(* Let $D_{\mathrm{jnt}}$ be any distribution of $(\mathsf X,\bar{\mathsf Y},\mathsf Y)$ on $\mathcal X\times\{0,1\}\times\{0,1\}$, let $c,\bar c\in[0,1]$ and $\lambda\in\mathbb R$. Define $s^*(x)=\eta(x)-c-\lambda\,(\eta_{\mathrm{DP}}(x)-\bar c)$ for $x\in\mathcal X$. Then the set of minimisers over measurable $f\colon\mathcal X\to[0,1]$ of $$R_{\mathrm{full}}(f)=\mathrm{CS}(f;D,c)-\lambda\,\mathrm{CS}(f;\bar D_{\mathrm{DP}},\bar c)$$ is exactly the set of $f^*$ such that, for $P_{\mathsf X}$-almost every $x$ with $s^*(x)\neq0$, $f^*(x)=\mathbf 1[s^*(x)>0]$.
   Context: $D$ is the law of $(\mathsf X,\mathsf Y)$ and $\bar D_{\mathrm{DP}}$ the law of $(\mathsf X,\bar{\mathsf Y})$ under $D_{\mathrm{jnt}}$; $P_{\mathsf X}$ is the marginal of $\mathsf X$. $\eta(x)=\Pr(\mathsf Y=1\mid\mathsf X=x)$, $\eta_{\mathrm{DP}}(x)=\Pr(\bar{\mathsf Y}=1\mid \mathsf X=x)$. A randomised classifier $f\colon\mathcal X\to[0,1]$ predicts $1$ on $x$ with probability $f(x)$. For a distribution $E$ of $(\mathsf X,\mathsf Z)$ on $\mathcal X\times\{0,1\}$ with $p=\Pr(\mathsf Z=1)$: $\mathrm{FNR}(f;E)=\mathbb E_{\mathsf X\mid \mathsf Z=1}[1-f(\mathsf X)]$, $\mathrm{FPR}(f;E)=\mathbb E_{\mathsf X\mid\mathsf Z=0}[f(\mathsf X)]$, and the cost-sensitive risk is $\mathrm{CS}(f;E,c)=p(1-c)\,\mathrm{FNR}(f;E)+(1-p)c\,\mathrm{FPR}(f;E)$. *)

From HB Require Import structures.
From mathcomp Require Import all_boot all_order all_algebra.
From mathcomp Require Import all_classical all_reals all_analysis.
Set Implicit Arguments. Unset Strict Implicit. Unset Printing Implicit Defensive.
Import Order.TTheory GRing.Theory Num.Theory.
Local Open Scope classical_set_scope.
Local Open Scope ring_scope.

(* The joint law D_jnt of (X, Ybar, Y) is realised on a probability space
   (Omega, P): X : Omega -> T measurable, and the events [Ybar = 1] = Yb1,
   [Y = 1] = Y1.  A distribution E of (X, Z) is given by the pair (X, Z1),
   Z1 the event [Z = 1]. *)

Section defs.
Context {dO dT : measure_display} {Omega : measurableType dO}
  {T : measurableType dT} {R : realType}.
Variables (P : probability Omega R) (X : Omega -> T).

Definition pZ (Z1 : set Omega) : R := fine (P Z1).

Definition FNR (f : T -> R) (Z1 : set Omega) : R :=
  Rintegral P Z1 (fun w => 1 - f (X w)) / pZ Z1.

Definition FPR (f : T -> R) (Z1 : set Omega) : R :=
  Rintegral P (~` Z1) (fun w => f (X w)) / (1 - pZ Z1).

Definition CS (f : T -> R) (Z1 : set Omega) (c : R) : R :=
  pZ Z1 * (1 - c) * FNR f Z1 + (1 - pZ Z1) * c * FPR f Z1.

(* eta is (a version of) the regression function x |-> Pr(Z = 1 | X = x):
   measurable, and Pr(X in A, Z = 1) = E[eta(X) ; X in A] for measurable A. *)
Definition is_cond_prob (Z1 : set Omega) (eta : T -> R) : Prop :=
  measurable_fun setT eta /\
  forall A : set T, measurable A ->
    fine (P (X @^-1` A `&` Z1)) = Rintegral P (X @^-1` A) (fun w => eta (X w)).

Definition classifier (f : T -> R) : Prop :=
  measurable_fun setT f /\ forall x, 0 <= f x <= 1.

Definition Rfull (Y1 Yb1 : set Omega) (c cbar lambda : R) (f : T -> R) : R :=
  CS f Y1 c - lambda * CS f Yb1 cbar.

Definition is_minimiser (Y1 Yb1 : set Omega) (c cbar lambda : R)
    (f : T -> R) : Prop :=
  classifier f /\
  forall g, classifier g -> Rfull Y1 Yb1 c cbar lambda f <= Rfull Y1 Yb1 c cbar lambda g.

End defs.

_DIRECTIONS FOR THIS TASK_
Print out, without change, each line from the line holding "(* eta is (a" to the final line of the material.

_ANSWER SECTION_
(* eta is (a version of) the regression function x |-> Pr(Z = 1 | X = x):
   measurable, and Pr(X in A, Z = 1) = E[eta(X) ; X in A] for measurable A. *)
Definition is_cond_prob (Z1 : set Omega) (eta : T -> R) : Prop :=
  measurable_fun setT eta /\
  forall A : set T, measurable A ->
    fine (P (X @^-1` A `&` Z1)) = Rintegral P (X @^-1` A) (fun w => eta (X w)).

Definition classifier (f : T -> R) : Prop :=
  measurable_fun setT f /\ forall x, 0 <= f x <= 1.

Definition Rfull (Y1 Yb1 : set Omega) (c cbar lambda : R) (f : T -> R) : R :=
  CS f Y1 c - lambda * CS f Yb1 cbar.

Definition is_minimiser (Y1 Yb1 : set Omega) (c cbar lambda : R)
    (f : T -> R) : Prop :=
  classifier f /\
  forall g, classifier g -> Rfull Y1 Yb1 c cbar lambda f <= Rfull Y1 Yb1 c cbar lambda g.

End defs.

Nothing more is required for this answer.